The Hellphones are hard at work in the SABC studios, piecing together their debut album with renowned Squeal frontman and producer, Dave Birch. Hellphone Fredriguez is documenting the wild and emotional ride – which, at this early stage, seems to consist largely of sneaking off to the "smoking room" (why is it smoking?) and a review of the curry from the staff canteen. Which is all quite endearing until they mention firing up some incense to get them in the mood. I hope it was the Sulphuric Vapours of Hades variety, or I'm going to have to stop mentioning them in my posts.

Still, people seem to like this fly-on-the-wall sort of thing, so in an effort to increase my readership without having to disable my spell-checker, I think I'll install a webcam at my desk so you can watch me practise my ninja moves and staple people's fingers to the ceiling. Or whatever the hell it is I actually do around here.

So, what happens when one of my favourite online reads calls attention to an interview with the author (who also edits a magazine I know I should like but secretly find tedious) of a book I recently really enjoyed, published by a company I've really come to admire and respect – possibly, ok mostly, because it's headed up by a guy I once lusted after without knowing what he looked like simply because he played bass in a post-hardcore band that seduced and amused me all through the 90s, but also because the people he works with are not only seriously awesome, but infinitely patient, even when I fuck-up my online purchase and they have to give me a refund?

You read this interview, that's what.

speak and pestroy

May 11, 2006

If you live in the Jozie area, tune into UJFM 95.4 FM – "Jo'burg's newest youth community radio station" tomorrow and catch rap-metal machines Pestroy, live, if not fully functional, on the Morning Glory show at around 11 am.
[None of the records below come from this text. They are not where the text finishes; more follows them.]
Lemma sasaki_top m : sasaki m (top M) = m.
Proof.
  apply eq_by_lower_bounds. intros z. unfold sasaki. rewrite le_meet_iff.
  split; [tauto |]. intros Hzm. split; [exact Hzm |].
  eapply le_trans; [apply le_top | apply join_ub_r].
Qed.

Lemma sasaki_le_iff m x z :
  le (sasaki m x) z <-> le x (join (perp m) (meet m z)).
Proof.
  split.
  - intros H. apply le_trans with (join (perp m) x); [apply join_ub_r |].
    rewrite (orthomodular_join (join_ub_l (perp m) x)), perp_invol.
    rewrite join_le_iff. split; [apply join_ub_l |].
    eapply le_trans; [| apply join_ub_r].
    rewrite le_meet_iff. split; [apply meet_lb_r |].
    rewrite meet_comm. exact H.
  - intros H. apply le_trans with (meet m z); [| apply meet_lb_r].
    rewrite <- (sasaki_id (meet_lb_l m z)). unfold sasaki.
    rewrite le_meet_iff. split; [apply meet_lb_l |].
    eapply le_trans; [apply meet_lb_r |].
    rewrite join_le_iff. split; [apply join_ub_l | exact H].
Qed.

Lemma sasaki_adjoint m : is_adjoint (sasaki m) (sasaki m).
Proof.
  intros x y. rewrite sasaki_le_iff. unfold sasaki.
  rewrite perp_meet_join, perp_join_meet, !perp_invol. reflexivity.
Qed.

Implicit Types f g : M -> M.

Lemma adjoint_le_iff {f g} (H : is_adjoint f g) u z :
  le (f u) z <-> le u (perp (g (perp z))).
Proof. rewrite <- (perp_invol _ z) at 1. apply H. Qed.

Lemma adjoint_sup_le_iff {f g} (H : is_adjoint f g) S z :
  le (f (sup S)) z <-> forall x, S x -> le (f x) z.
Proof.
  rewrite (adjoint_le_iff H), sup_le_iff.
  split; intros Hle x Hx; apply (adjoint_le_iff H); auto.
Qed.

Lemma adjoint_sym {f g} : is_adjoint f g -> is_adjoint g f.
Proof.
  intros H x y. rewrite (le_perp_swap (g x)), (le_perp_swap x), (H y x).
  reflexivity.
Qed.

Lemma adjoint_unique {f g g'} : is_adjoint f g -> is_adjoint f g' -> g = g'.
Proof.
  intros Hg Hg'. apply functional_extensionality. intros y.
  rewrite <- (perp_invol _ (g y)), <- (perp_invol _ (g' y)). f_equal.
  apply eq_by_lower_bounds. intros x. rewrite <- (Hg x y), <- (Hg' x y).
  reflexivity.
Qed.
Lemma monitor_inv_up P M M' l v :
  monitor_inv P M -> mstep M (MLUp l v) M' -> monitor_inv P M'.
Proof.
  intros Hinv Hs; destruct Hinv as [|Tm| |Tm l' v' Htr| |]; try solve [inversion Hs].
  - destruct Tm; inversion Hs.
  - inversion Hs; subst; apply mi_synth; exact Htr.
Qed.

Lemma monitor_inv_down P M M' l v :
  monitor_inv P M -> mstep M (MLDown l v) M' -> monitor_inv P M'.
Proof.
  intros Hinv Hs; destruct Hinv as [|Tm [T [HT [Hc Hnd]]]| | | |]; try solve [inversion Hs].
  destruct Tm as [|bsm| | |]; try solve [inversion Hs].
  destruct (synth_bra_step _ _ _ _ Hs) as [[B [Tm' [Hinm ->]]]| ->]; [|constructor].
  destruct (conforms_bra_branch _ _ _ _ _ Hc Hinm) as [bs [T' [Hu [Hin Hc']]]].
  inversion Hnd as [|? _ Hsub| | |]; subst.
  apply mi_check_down; exists T, bs, T'; eauto 7.
Qed.

Lemma monitor_inv_mtau P M M' : monitor_inv P M -> mstep M MLTau M' -> monitor_inv P M'.
Proof.
  intros Hinv Hs;
    destruct Hinv as [|Tm [T [HT [Hc Hnd]]]|Tm B l v Htr Hv| |Tm B l v Hawait|];
    try solve [inversion Hs].
  - destruct Tm as [| |X S| |]; try solve [inversion Hs].
    inversion Hs; subst; inversion Hnd; subst.
    change (MRec X (synth S)) with (synth (TRec X S)); rewrite <- synth_tsubst.
    apply mi_synth; exists T; repeat split.
    + exact HT.
    + apply conforms_unfold; exact Hc.
    + apply nodup_stype_tsubst; assumption.
  - inversion Hs as [| | | | |? ? ? _|? ? ? Hb| |]; subst; [apply mi_up; exact Htr|].
    simpl in Hb; apply has_btypeb_iff in Hv; rewrite Hv in Hb; discriminate.
  - inversion Hs as [| | | | |? ? ? Hb|? ? ? _| |]; subst; [|constructor].
    simpl in Hb; injection Hb as Hb; apply has_btypeb_iff in Hb.
    eapply mi_down; eassumption.
Qed.

Lemma config_inv_step C a C' : cstep C a C' -> config_inv C -> config_inv C'.
Proof.
  intros Hs [Hnd Hinv]; destruct Hs; simpl in *; split; eauto using nodup_proc_step.
  - eapply monitor_inv_output; eassumption.
  - eapply monitor_inv_input; eassumption.
  - eapply monitor_inv_up; eassumption.
  - eapply monitor_inv_down; eassumption.
  - eapply monitor_inv_ptau; eassumption.
  - eapply monitor_inv_mtau; eassumption.
Qed.

Lemma config_inv_trace C t C' : wtrace C t C' -> config_inv C -> config_inv C'.
Proof. induction 1; eauto using config_inv_step. Qed.

Lemma synth_bra_moves bs : exists l v M', mstep (synth (TBra bs)) (MLDown l v) M'.
Proof.
  destruct bs as [|[[l B] S] bs].
  - exists 0, (VBool true), MNoE; apply ms_down_err; intros l' x M [].
  - exists l, (VBool true); eexists; eapply ms_down; left; reflexivity.
Qed.

Lemma mif_isvalue_moves B v M1 M2 :
  exists M', mstep (MIf (PIsValue B (AVal v)) M1 M2) MLTau M'.
Proof.
  destruct (has_btypeb v B) eqn:E; eexists; [apply ms_if_t|apply ms_if_f];
    simpl; rewrite E; reflexivity.
Qed.
(* Let $M$ be a matroid on a finite set $E$, let $\mathcal{C}$ be a family of non-spanning circuits of $M$, and let $N$ be the free elevation of $M$. Suppose every cyclic flat of $M$ is a union of circuits in $\mathcal{C}$. Then every cyclic flat of $N$ is a union of circuits in $\mathcal{C}$.
   Context: A cyclic set is a union of circuits; $\emptyset$ counts as cyclic. $M$ is the truncation of $N$ if $r_N(E)=r_M(E)+1$ and $r_M(X)=\min\{r_N(X),r_M(E)\}$ for all $X$. The free erection of $M$ is the maximum, in the weak order, of the set consisting of $M$ and all $N$ whose truncation is $M$. The free elevation of $M$ is obtained by repeatedly taking non-trivial free erections until a matroid with no non-trivial erection is reached. *)

From mathcomp Require Import all_boot.
Set Implicit Arguments. Unset Strict Implicit. Unset Printing Implicit Defensive.

Definition rankfun (E : finType) := {ffun {set E} -> nat}.

Definition is_matroid (E : finType) (r : rankfun E) : Prop :=
  [/\ forall X : {set E}, r X <= #|X|,
      forall X Y : {set E}, X \subset Y -> r X <= r Y
    & forall X Y : {set E}, r (X :|: Y) + r (X :&: Y) <= r X + r Y].

Definition dependent (E : finType) (r : rankfun E) (X : {set E}) : bool :=
  r X < #|X|.

Definition circuit (E : finType) (r : rankfun E) (C : {set E}) : bool :=
  dependent r C && [forall D : {set E}, (D \proper C) ==> ~~ dependent r D].

Definition flat (E : finType) (r : rankfun E) (F : {set E}) : bool :=
  [forall e : E, (e \notin F) ==> (r F < r (e |: F))].

(* cyclic set = union of circuits (the empty union gives the empty set) *)
Definition union_of (E : finType) (Cs : {set {set E}}) (X : {set E}) : Prop :=
  exists D : {set {set E}}, D \subset Cs /\ X = \bigcup_(C in D) C.

Definition cyclic (E : finType) (r : rankfun E) (X : {set E}) : Prop :=
  union_of [set C | circuit r C] X.

Definition cyclic_flat (E : finType) (r : rankfun E) (F : {set E}) : Prop :=
  flat r F /\ cyclic r F.

Definition is_truncation (E : finType) (M N : rankfun E) : Prop :=
  N [set: E] = (M [set: E]).+1 /\
  forall X : {set E}, M X = minn (N X) (M [set: E]).

(* weak order: M <= N iff r_M(X) <= r_N(X) for all X
   (every independent set of M is independent in N) *)
Definition weak_le (E : finType) (M N : rankfun E) : Prop :=
  forall X : {set E}, M X <= N X.

Definition is_erection (E : finType) (M N : rankfun E) : Prop :=
  is_matroid N /\ (N = M \/ is_truncation M N).

Definition nontrivial_erection (E : finType) (M N : rankfun E) : Prop :=
  is_matroid N /\ is_truncation M N.

Definition is_free_erection (E : finType) (M N : rankfun E) : Prop :=
  is_erection M N /\ forall N', is_erection M N' -> weak_le N' N.

Inductive free_elevation (E : finType) : rankfun E -> rankfun E -> Prop :=
  | fe_stop (M : rankfun E) :
      (forall N, ~ nontrivial_erection M N) -> free_elevation M M
  | fe_step (M M' N : rankfun E) :
      is_free_erection M M' -> M' <> M -> free_elevation M' N ->
      free_elevation M N.

(* Along the elevation it suffices to treat one free erection N of M.
   Non-spanning circuits of M remain circuits of N, so it is enough to place every
   element e of a cyclic flat F of N in a cyclic flat of M contained in F.  If e is
   spanned in N by some A inside F of rank below r(M), then cl_M(A) = cl_N(A) lies
   in F, and the union of the circuits inside cl_M(A) is such a cyclic flat; if F = E, use cl_M(E - e) = E.  What is left is a cyclic
   hyperplane F of N in which e is spanned by no small subset.  Raising by one the
   rank of the sets X inside F with e in X and r_N(X - e) = r_N(F) then yields a
   matroid that is still an erection of M but exceeds N at F, contradicting the
   maximality of the free erection. *)

From mathcomp Require Import all_boot zify.
Set Implicit Arguments. Unset Strict Implicit. Unset Printing Implicit Defensive.

Lemma dependent_circuit (E : finType) (r : rankfun E) (X : {set E}) :
  dependent r X -> exists2 C, circuit r C & C \subset X.
Proof.
case/minset_exists => C /minsetP[depC minC] sCX; exists C => //.
apply/andP; split=> //; apply/forallP => D; apply/implyP => ltDC.
apply/negP => /minC/(_ (proper_sub ltDC)) eqDC.
by move: ltDC; rewrite eqDC properxx.
Qed.

Definition cl (E : finType) (r : rankfun E) (A : {set E}) : {set E} :=
  [set x | r (x |: A) == r A].

Definition cyclic_part (E : finType) (r : rankfun E) (F : {set E}) : {set E} :=
  \bigcup_(C | circuit r C && (C \subset F)) C.

Section MatroidRank.

Variables (E : finType) (r : rankfun E).
Hypothesis matroid_r : is_matroid r.
Implicit Types (x e : E) (A C F S X Y U I : {set E}).

Lemma rank_le_card X : r X <= #|X|.
Proof. by case: matroid_r. Qed.

Lemma rankS X Y : X \subset Y -> r X <= r Y.
Proof. by case: matroid_r => _ + _; apply. Qed.

Lemma rank_submod X Y : r (X :|: Y) + r (X :&: Y) <= r X + r Y.
Proof. by case: matroid_r. Qed.

Lemma rank_submod_sub X Y U I :
  U \subset X :|: Y -> I \subset X :&: Y -> r U + r I <= r X + r Y.
Proof.
move=> /rankS sU /rankS sI; have := rank_submod X Y; lia.
Qed.

Lemma rank_le_top X : r X <= r setT.
Proof. exact/rankS/subsetT. Qed.

Lemma rankU1_ge x X : r X <= r (x |: X).
Proof. exact/rankS/subsetUr. Qed.

Lemma rankU1_le x X : r (x |: X) <= (r X).+1.
Proof.
have := rank_submod [set x] X; have := rank_le_card [set x]; rewrite cards1; lia.
Qed.

Lemma in_cl x A : (x \in cl r A) = (r (x |: A) == r A).
Proof. by rewrite inE. Qed.

Lemma rankU1_notin_cl x A : x \notin cl r A -> r (x |: A) = (r A).+1.
Proof.
rewrite in_cl => /eqP; have := rankU1_ge x A; have := rankU1_le x A; lia.
Qed.

Lemma subset_cl A : A \subset cl r A.
Proof. by apply/subsetP => x xA; rewrite in_cl (setUidPr _) ?sub1set. Qed.

Lemma rank_setU_cl A S : S \subset cl r A -> r (A :|: S) = r A.
Proof.
have [n] := ubnP #|S|; elim: n S => // n IH S ltSn sSA.
case: (set_0Vmem S) => [-> | [x xS]]; first by rewrite setU0.
have xA : r (x |: A) = r A by apply/eqP; rewrite -in_cl (subsetP sSA).
have rAS : r (A :|: S :\ x) = r A.
  apply: IH; last exact: subset_trans (subsetDl _ _) sSA.
  by rewrite (cardsD1 x S) xS in ltSn.
apply/eqP; rewrite eqn_leq (rankS (subsetUl A S)) andbT.
have := @rank_submod_sub (A :|: S :\ x) (x |: A) (A :|: S) A.
rewrite rAS xA leq_add2r; apply; last by rewrite subsetI subsetUl subsetUr.
apply/subsetP => y; rewrite !inE.
by case: (y =P x) => [->|]; rewrite ?eqxx ?orbT //= => _ ->.
Qed.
If that doesn't perk you up and get you ready to face the day, you must be deaf. Or me. Ten rond says the first question put to them is "why can't you spell?"

If you're one of those annoying people who plans in advance / has actually figured out a use for Google Calendar, then make a note to catch Pestroy again at Carfax, Newtown on Saturday 27 May. Our philanthropically-inclined band will be taking the rap at the Head Rush Charity Show, alongside Cassette, Wickhead, 16 Stitch, Wanton and gnarled veterans of the pop-rock circuit, Sugardrive.